Ask for copies of the xrays and a referral to an orthopedist for a second opinion. Maybe at Angell Memorial??


----------



## GoldensGirl (Aug 2, 2010)

There are a host of tick-borne diseases that can cause problems, so I hope your vet tested for more than Lyme's. 

Is arthritis in her knees a possibility? Or did the other tests cover that already? She is young for it, but it does happen. 

It's also possible that she sprained something, which can take two or three weeks to heal.

Hoping for a healthy, happy outcome!


----------



## AmberSunrise (Apr 1, 2009)

tbliss said:


> Thanks for the reply, I should have mentioned that the vet tested her for Lyme disease when he first examined (for this issue) her two weeks ago. Are there any other TBDs that are not covered by the Lyme test that we should inquire about?


Yes, there are many, many TBDs that could be responsible .. I just had all 3 of my dogs given the comprehensive test for them; luckily they are all negative. I live in CT, TBD central, and frequently lameness etc will be treated immediately with doxie while waiting for test results. This would be once sprains and breaks are checked for and ruled out. 

I would have the comprehensive testing done for a 2 year old dog that does not have dysplasia or OCD and has no obvious injuries.


----------



## tbliss (Mar 26, 2009)

Thanks everyone. I checked with the vet, who confirmed that he performed the comprehensive test that test for several TBDs, plus heartworm. In fact, due to a mix-up in the office, they accidentally tested Maevis a second time when she went in yesterday, but they didn't charge us so I didn't know about it. That test was also negative.

Therefore, I guess we just wait and hope it's a soft tissue injury.....


----------



## Tahnee GR (Aug 26, 2006)

Sounds like they ran a Snap 4 test, which checks for the 3 major tick diseases. There are others beyond those 3, although less commonly seen. There are Protatek and Idexx tick panels that can be run, which would cover other tick diseases.

If you want to check out potential orthopedic problems, I would definitely go to a specialist.

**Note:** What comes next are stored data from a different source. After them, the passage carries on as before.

Lemma c0_col_sympl r z : r 0 (rshift n z) = 1 -> forall j k : 'I_(n + n),
  sympl (c0_col r z j) (c0_col r z k) = (swap_half j == k)%:R.
Proof.
move=> rz1.
have gram_sym (j k : 'I_(n + n)) : (swap_half j == k) = (swap_half k == j).
  by rewrite swap_half_eq eq_sym.
have c0_e (k : 'I_(n + n)) : sympl (c0_col r z (lshift n z)) (c0_col r z k)
    = (swap_half (lshift n z) == k)%:R.
  rewrite swap_half_lshift /c0_col eqxx; case: (eqVneq k (lshift n z)) => [->|k_l].
    by rewrite sympl_xx eq_rlshift.
  case: (eqVneq k (rshift n z)) => [_|k_r]; first by rewrite sympl_e_l rz1.
  rewrite sympl_addr sympl_scaler !sympl_e_l e_rshift mulr0 addr0 mxE.
  by rewrite eq_sym (negbTE k_r).
have c0_r (k : 'I_(n + n)) : sympl (c0_col r z (rshift n z)) (c0_col r z k)
    = (swap_half (rshift n z) == k)%:R.
  rewrite swap_half_rshift /c0_col eq_rlshift eqxx; case: (eqVneq k (lshift n z)) => [_|k_l].
    by rewrite symplC sympl_e_l rz1.
  case: (eqVneq k (rshift n z)) => [_|k_r]; first by rewrite sympl_xx.
  by rewrite sympl_addr sympl_scaler [sympl r (e_ z)]symplC sympl_e_l rz1 mulr1 F2_addrr.
move=> j k; case: (eqVneq j (lshift n z)) => [->|j_l]; first exact: c0_e.
case: (eqVneq j (rshift n z)) => [->|j_r]; first exact: c0_r.
case: (eqVneq k (lshift n z)) => [->|k_l]; first by rewrite symplC c0_e gram_sym.
case: (eqVneq k (rshift n z)) => [->|k_r]; first by rewrite symplC c0_r gram_sym.
rewrite /c0_col (negbTE j_l) (negbTE j_r) (negbTE k_l) (negbTE k_r).
rewrite !(sympl_addl, sympl_addr, sympl_scalel, sympl_scaler) sympl_xx !sympl_e_l.
rewrite [sympl _ (e_ z)]symplC sympl_e_l !mxE !(eq_sym (rshift n z)) (negbTE j_r) (negbTE k_r).
by rewrite !(mulr0, addr0) sympl_delta mxE eqxx /= gram_sym.
Qed.

Lemma first_k_Some r k : first_k r = Some k -> r 0 (rshift n k) = 1.
Proof. by rewrite /first_k; case: pickP => // x /andP[/eqP hx _] [<-]. Qed.

Lemma CmatE r k : first_k r = Some k ->
  let z := ord0_of k in
  (Cmat r)^T = \matrix_j c0_col (\row_j r 0 (swapi (rshift n z) (rshift n k) j)) z j
               *m \matrix_j delta_mx 0 (swap2 z k j).
Proof. by rewrite /Cmat => ->; rewrite trmx_mul !tr_mx_of_cols. Qed.

Lemma Cmat_symplectic r : symplectic (Cmat r)^T.
Proof.
case E: (first_k r) => [k|]; last first.
  by rewrite /Cmat E trmx1 /symplectic mul1mx trmx1 mulmx1.
rewrite (CmatE E); apply: symplectic_mul.
  by apply/symplectic_rows/c0_col_sympl; rewrite mxE /swapi eqxx first_k_Some.
exact/symplectic_perm/swap2_swap_half/can_inj/swap2K.
Qed.

Lemma Cmat_sympl r v w : sympl (act (Cmat r) v) (act (Cmat r) w) = sympl v w.
Proof. by rewrite !actE sympl_mulmx ?Cmat_symplectic. Qed.

Lemma first_k_None r : first_k r = None -> forall i, r 0 (rshift n i) = 0.
Proof.
move=> E i; apply/eqP; apply: contraT; rewrite F2_neq0 => ri.
pose P k := r 0 (rshift n k) == 1.
have [k /eqP rk k_min] := @arg_minnP _ i P val ri.
move: E; rewrite /first_k; case: pickP => // /(_ k); rewrite /= rk eqxx /=.
case/forallPn => l; rewrite negb_imply F2_neq0 => /andP[lk rl].
by rewrite ltnNge k_min in lk.
Qed.

Lemma first_k0 : first_k (0 : vec n) = None.
Proof. by rewrite /first_k; case: pickP => // k /andP[]; rewrite mxE. Qed.

Lemma card_first_k_None : (#|[pred r : vec n | first_k r == None]| <= 2 ^ n)%N.
Proof.
pose a_part r : 'rV['F_2]_n := \row_i r 0 (lshift n i).
rewrite -(card_in_imset (f := a_part)); last first.
  move=> r r' /eqP r_none /eqP r'_none /rowP a_eq; apply/rowP => j.
  case: (split_ordP j) => i ->; first by have := a_eq i; rewrite !mxE.
  by rewrite (first_k_None r_none) (first_k_None r'_none).
by apply: leq_trans (max_card _) _; rewrite card_mx card_Fp // mul1n.
Qed.

Lemma eq_first_k r r' : (forall i, r 0 (rshift n i) = r' 0 (rshift n i)) ->
  first_k r = first_k r'.
Proof.
move=> rr'; apply: eq_pick => k /=; rewrite rr'; congr (_ && _).
by apply: eq_forallb => i; rewrite rr'.
Qed.

(* [Cmat r] maps f_1 to [aswap r], not to [r]: the permutation Pi also swaps
   the a-coordinates 1 and k.  Only bijectivity of [aswap] matters below. *)
Definition aswap r : vec n :=
  if first_k r is Some k then \row_i r 0 (swapi (lshift n (ord0_of k)) (lshift n k) i)
  else r.

Lemma first_k_aswap r : first_k (aswap r) = first_k r.
Proof.
rewrite /aswap; case E: (first_k r) => [k|] //; rewrite -E.
by apply: eq_first_k => i; rewrite mxE swapi_out // eq_sym eq_lrshift.
Qed.

Lemma aswapK : involutive aswap.
Proof.
move=> r; rewrite {1}/aswap first_k_aswap /aswap; case: (first_k r) => [k|] //.
by apply/rowP => i; rewrite !mxE swapiK.
Qed.

Lemma Cmat_f1 r k : first_k r = Some k -> act (Cmat r) (f_ (ord0_of k)) = aswap r.
Proof.
move=> E; rewrite actE (CmatE E) mulmxA -rowE rowK /c0_col eq_rlshift eqxx.
rewrite mul_delta_rows; last exact: swap2K.
apply/rowP => i.
by rewrite /aswap E !mxE /swap2 swapiK.
Qed.

End Ensemble.

Section Invariance.
Variable n : nat.
Implicit Types (x : vec n) (M : 'M['F_2]_(n + n)).

Lemma span_setE m (X : 'M_(m, n + n)) : span_set X = rowg X.
Proof. by []. Qed.

Lemma eq_span_set m1 m2 (A : 'M_(m1, n + n)) (B : 'M_(m2, n + n)) :
  (span_set A == span_set B) = (A == B)%MS.
Proof. by rewrite !span_setE eqEsubset !rowgS. Qed.

Lemma isotropic_spanP m (X : 'M_(m, n + n)) :
  reflect (forall u v, (u <= X)%MS -> (v <= X)%MS -> sympl u v = 0)
          (isotropic (span_set X)).
Proof.
apply: (iffP forall_inP) => [iso u v uX vX | iso u].
  by move: (iso u); rewrite inE => /(_ uX)/forall_inP/(_ v); rewrite inE => /(_ vX)/eqP.
by rewrite inE => uX; apply/forall_inP => v; rewrite inE => vX; rewrite iso.
Qed.

Definition orth m (X : 'M_(m, n + n)) x := [forall v in span_set X, sympl v x == 0].

Lemma orthP m (X : 'M_(m, n + n)) x :
  reflect (forall u, (u <= X)%MS -> sympl u x = 0) (orth X x).
Proof.
apply: (iffP forall_inP) => [perp u uX | perp u].
  by apply/eqP/perp; rewrite inE.
by rewrite inE => uX; rewrite perp.
Qed.

Lemma orth0 m (X : 'M_(m, n + n)) : orth X 0.
Proof. by apply/orthP => u _; rewrite symplC sympl0l. Qed.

Either way, if she does not improve quickly, I would get her checked out.


----------



## momtoMax (Apr 21, 2009)

Thinking Lymes. It could account for the limping weakness bit. I hope they figure out what's up and your dog is feeling better soon!!


----------



## tbliss (Mar 26, 2009)

Thanks everyone. After resting for the weekend, she has shown no real sign of improvement. To be more specific on her symptoms, when she goes to stand up for a lying position, she appears to struggle to pull herself up using her front legs. It appears the problem is limited to her hind left leg only. She avoids putting weight on the left leg for the first few steps after standing and sometimes stretches several times like something in her leg is "stuck." Once she walks a few steps, she reverts to normal, as if nothing happened.

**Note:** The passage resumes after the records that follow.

Lemma powRD_le a b q : 0 <= a -> 0 <= b -> 0 < q <= 1 ->
  (a + b) `^ q <= a `^ q + b `^ q.
Proof.
move=> a0 b0 /andP[q0 q1]; have [ab0|ab_neq0] := eqVneq (a + b) 0.
  have [-> ->] : a = 0 /\ b = 0 by split; lra.
  by rewrite addr0 powR0 ?gt_eqF // addr0.
have ab_gt0 : 0 < a + b by rewrite lt_neqAle eq_sym ab_neq0 addr_ge0.
have frac_le x : 0 <= x <= a + b -> (a + b) `^ q * (x / (a + b)) <= x `^ q.
  move=> /andP[x0 x_le]; have t0 : 0 <= x / (a + b) by rewrite divr_ge0 // ltW.
  rewrite -{2}(divfK ab_neq0 x) powRM ?(ltW ab_gt0) // [leLHS]mulrC.
  rewrite ler_wpM2r ?powR_ge0 //.
  have [->|t_neq0] := eqVneq (x / (a + b)) 0; first exact: powR_ge0.
  apply: ger1_powR => //; rewrite lt_neqAle eq_sym t_neq0 t0 /=.
  by rewrite ler_pdivrMr // mul1r.
apply: le_trans (lerD (frac_le a _) (frac_le b _)); last 2 first.
- by rewrite a0 lerDl.
- by rewrite b0 lerDr.
by rewrite -mulrDr -mulrDl divff ?mulr1.
Qed.

Lemma powR_dist_le {x y q} : 0 <= x -> 0 <= y -> 0 < q <= 1 ->
  `|x `^ q - y `^ q| <= `|x - y| `^ q.
Proof.
wlog yx : x y / y <= x.
  move=> wlog_yx x0 y0 hq; have [yx|/ltW xy] := leP y x; first exact: wlog_yx.
  by rewrite distrC (distrC x); exact: wlog_yx.
move=> x0 y0 hq; have q0 : 0 <= q by case/andP: hq => /ltW.
rewrite !ger0_norm ?subr_ge0 ?ge0_ler_powR //.
by rewrite lerBlDr -{1}(subrK y x) powRD_le ?subr_ge0.
Qed.

Lemma powRVK {x q} : 0 <= x -> q != 0 -> (x `^ q^-1) `^ q = x.
Proof. by move=> x0 q0; rewrite -powRrM mulVf // powRr1. Qed.

End powR_subadditive.

Section ultralimit.
Context {R : realType} {U : set_system nat} (UU : UltraFilter U).
Implicit Types (u v : nat -> R) (c l m q : R).

Lemma ultra_not_set0 : ~ U set0.
Proof. by move=> /filter_ex [x []]. Qed.

Lemma ulim_cst c : ulim_is U (fun=> c) c.
Proof. by move=> e e0; apply: filterS filterT => n _; rewrite subrr normr0. Qed.

Lemma eq_ulim {u v l} : u =1 v -> ulim_is U u l -> ulim_is U v l.
Proof. by move=> uv hu e e0; apply: filterS (hu e e0) => n /=; rewrite uv. Qed.

Lemma ler_ulim {u v l m} :
  (forall n, u n <= v n) -> ulim_is U u l -> ulim_is U v m -> l <= m.
Proof.
move=> uv hu hv; rewrite leNgt; apply/negP => ml.
have e0 : 0 < (l - m) / 2 by rewrite divr_gt0 // subr_gt0.
apply: ultra_not_set0; apply: filterS (filterI (hu _ e0) (hv _ e0)) => n /= [].
rewrite !ltr_norml => /andP[h1 _] /andP[_ h2].
by have := uv n; lra.
Qed.

Lemma ulimB {u v l m} : ulim_is U u l -> ulim_is U v m ->
  ulim_is U (fun n => u n - v n) (l - m).
Proof.
move=> hu hv e e0; have e2 : 0 < e / 2 by rewrite divr_gt0.
apply: filterS (filterI (hu _ e2) (hv _ e2)) => n /= [].
by rewrite !ltr_norml => /andP[? ?] /andP[? ?]; apply/andP; split; lra.
Qed.

Lemma ulim_norm {u l} : ulim_is U u l -> ulim_is U (fun n => `|u n|) `|l|.
Proof.
move=> hu e e0; apply: filterS (hu e e0) => n /=.
exact: le_lt_trans (ler_dist_dist _ _).
Qed.

Lemma ulim0_le {u v} :
  (forall n, 0 <= u n <= v n) -> ulim_is U v 0 -> ulim_is U u 0.
Proof.
move=> uv hv e e0; apply: filterS (hv e e0) => n /=.
have /andP[u0 uvn] := uv n; rewrite !subr0 (ger0_norm u0) => h.
exact: le_lt_trans uvn (le_lt_trans (ler_norm _) h).
Qed.

Lemma ulimZ {u l} c : ulim_is U u l -> ulim_is U (fun n => c * u n) (c * l).
Proof.
move=> hu e e0; have c1 : 0 < `|c| + 1 by rewrite ltr_pwDr.
apply: filterS (hu _ (divr_gt0 e0 c1)) => n /= h.
rewrite -mulrBr normrM (@le_lt_trans _ _ ((`|c| + 1) * `|u n - l|)) //.
  by rewrite ler_wpM2r // lerDl.
by rewrite mulrC -ltr_pdivlMr.
Qed.

Lemma ulim_powR {u l q} : (forall n, 0 <= u n) -> 0 <= l -> 0 < q <= 1 ->
  ulim_is U u l -> ulim_is U (fun n => u n `^ q) (l `^ q).
Proof.
move=> u0 l0 hq hu e e0; have q0 : 0 < q by case/andP: hq.
apply: filterS (hu _ (powR_gt0 q^-1 e0)) => n /= h.
apply: le_lt_trans (powR_dist_le (u0 n) l0 hq) _.
rewrite -[X in _ < X](powRVK (ltW e0) (lt0r_neq0 q0)).
by rewrite gt0_ltr_powR ?nnegrE ?powR_ge0.
Qed.

(* The ultralimit is the supremum of the levels that are U-almost surely
   exceeded. *)
Lemma ulim_bounded {u m l} :
  (forall n, m <= u n <= l) -> exists x, ulim_is U u x.
Proof.
move=> mul; set S := [set x : R | U [set n | x <= u n]].
have Sm : S m by apply: filterS filterT => n _; case/andP: (mul n).
have S_le : ubound S l.
  move=> x Sx; rewrite leNgt; apply/negP => lx; apply: ultra_not_set0.
  apply: filterS Sx => n /= xu; have /andP[_ ul] := mul n.
  by have := le_lt_trans (le_trans xu ul) lx; rewrite ltxx.
have supS : has_sup S by split; [exists m | exists l].
exists (sup S) => e e0; have [x Sx ex] := sup_adherent e0 supS.
have [notS|] := in_ultra_setVsetC [set n | sup S + e <= u n] UU.
  by have := sup_upper_bound supS notS; rewrite leNgt ltrDl e0.
move=> /(filterI Sx); apply: filterS => n /= [xu /negP].
by rewrite -ltNge ltr_norml => ue; apply/andP; split; lra.
Qed.

Section nonprincipal.
Hypothesis nonprincipal : forall n, ~ U [set n].

Lemma ultra_ge k : U [set n | (k <= n)%N].
Proof.
elim: k => [|k IH]; first exact: filterS filterT.
have [//|] := in_ultra_setVsetC [set n | (k.+1 <= n)%N] UU.
move=> /(filterI IH) Uk; exfalso; apply: (nonprincipal k); apply: filterS Uk.
by move=> n /= [kn /negP]; rewrite -ltnNge ltnS => nk; apply/eqP; rewrite eqn_leq nk.
Qed.

(* [s n] is the largest level [k <= n] at which [b n k] is already
   [1/(k+1)]-close to [a k]. *)
Lemma ulim_diagonal {b : nat -> R -> R} {a : R -> R} {m} :
  (forall r, ulim_is U (b ^~ r) (a r)) -> {homo a : r s /~ r <= s} ->
  (forall r, m <= a r) ->
  exists s : nat -> R, (forall M, U [set n | M < s n]) /\
    ulim_is U (fun n => b n (s n)) (inf (range a)).
Proof.
move=> ba a_anti am.
have infa : has_inf (range a) by split; [exists (a 0), 0 | exists m => _ [r _ <-]].
have inf_le r : inf (range a) <= a r by apply: (ge_inf infa.2); exists r.
pose A k := [set n | (k <= n)%N /\ `|b n k%:R - a k%:R| < k.+1%:R^-1].
have UA k : U (A k) by apply: filterI (ultra_ge k) (ba _ _ _); rewrite invr_gt0.
have [kn knP] := diagonal_index A (fun k n (Akn : A k n) => proj1 Akn).
exists (fun n => (kn n)%:R); split.
  move=> M; have [K MK] := exists_nat_gt M.
  apply: filterS (UA K) => n /(knP K)[Kk _] /=.
  by apply: lt_le_trans MK _; rewrite ler_nat.
move=> e e0; have e2 : 0 < e / 2 by rewrite divr_gt0.
have [_ [r0 _ <-] ar0] := inf_adherent e2 infa.
have [K rK] := exists_nat_gt (Num.max r0 (e / 2)^-1).
have r0K : r0 <= K%:R by apply: le_trans (ltW rK); rewrite le_max lexx.
have eK : (e / 2)^-1 < K%:R by apply: le_lt_trans rK; rewrite le_max lexx orbT.
apply: filterS (UA K) => n /(knP K)[Kk [_]] /=.
have ak := inf_le (kn n)%:R.
have ak_le : a (kn n)%:R <= a r0 by apply/a_anti/(le_trans r0K); rewrite ler_nat.
have : (kn n).+1%:R^-1 < e / 2.
  rewrite -[e / 2]invrK ltf_pV2 ?posrE ?ltr0n ?invr_gt0 //.
  by apply: (lt_le_trans eK); rewrite ler_nat (leq_trans Kk).
move: (kn n).+1%:R^-1 (b n _) (a _) (a r0) (inf _) ak ak_le ar0 => w x y z i ? ? ? ?.
rewrite !ltr_norml => /andP[? ?]; apply/andP; split; lra.
Qed.

End nonprincipal.
End ultralimit.

Section truncation.
Context {R : realType}.
Implicit Types (f : R -> R) (q r s x : R).

Lemma cut_aboveE r f x : cut_above r f x = if r < `|f x| then f x else 0.
Proof.
rewrite /cut_above indicE; case: ifPn => [rf|/negP rf].
  by rewrite mem_set ?mulr1.
by rewrite memNset ?mulr0.
Qed.

Lemma measurable_cut_above r f : measurable_fun setT f ->
  measurable_fun setT (cut_above r f).
Proof.
move=> mf; apply: measurable_funM => //; apply/measurable_indicP.
have -> : [set y | r < `|f y|] = setT `&` f @^-1` ((@Num.norm _ R) @^-1` `]r, +oo[).
  by rewrite setTI; apply/seteqP; split => y; rewrite /preimage /= in_itv /= andbT.
have mB : measurable ((@Num.norm _ R) @^-1` `]r, +oo[).
  rewrite -[X in measurable X]setTI.
  by apply: normr_measurable => //; exact: measurable_itv.
exact: mf measurableT _ mB.
Qed.

Lemma norm_cut_above_le r f x : `|cut_above r f x| <= `|f x|.
Proof. by rewrite cut_aboveE; case: ifP; rewrite ?normr0. Qed.

Lemma norm_cut_aboveB_le r s f x :
  `|cut_above r f x - cut_above s f x| <= `|f x|.
Proof.
by rewrite !cut_aboveE; case: ifP => _; case: ifP => _;
  rewrite ?subrr ?subr0 ?sub0r ?normrN ?normr0.
Qed.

Again, she had two negative Lyme tests (likely Snap-4 tests), two weeks apart. She does not have a fever.

We are thinking of bringing her to a specialist at Tufts Vet School for evaluation. Any other thoughts?


----------



## LibertyME (Jan 6, 2007)

I think that is an excellent plan...


----------



## tbliss (Mar 26, 2009)

Maevis has continued to have a hard time getting up from a lying down position, so today we brought her for an evaluation by an ortho specialist. After manually/visually examining her (no MRI), the doctor said he detected some "slight instability" in her knee and "minimal effusion," which he said indicated a partial ACL tear. As a result, he recommended that she have either the TPLO or TTA surgery, which the doctor said were the best options for getting Maevis "back to normal" and improving her prognosis going forward. (She is only two and not overweight--62 lbs.) Although he said it ultimately would be our choice to go with the TPLO or TTA, if we didn't have a preference, he would take an x-ray of the knee the day before the surgery and make the decision himself based on that. 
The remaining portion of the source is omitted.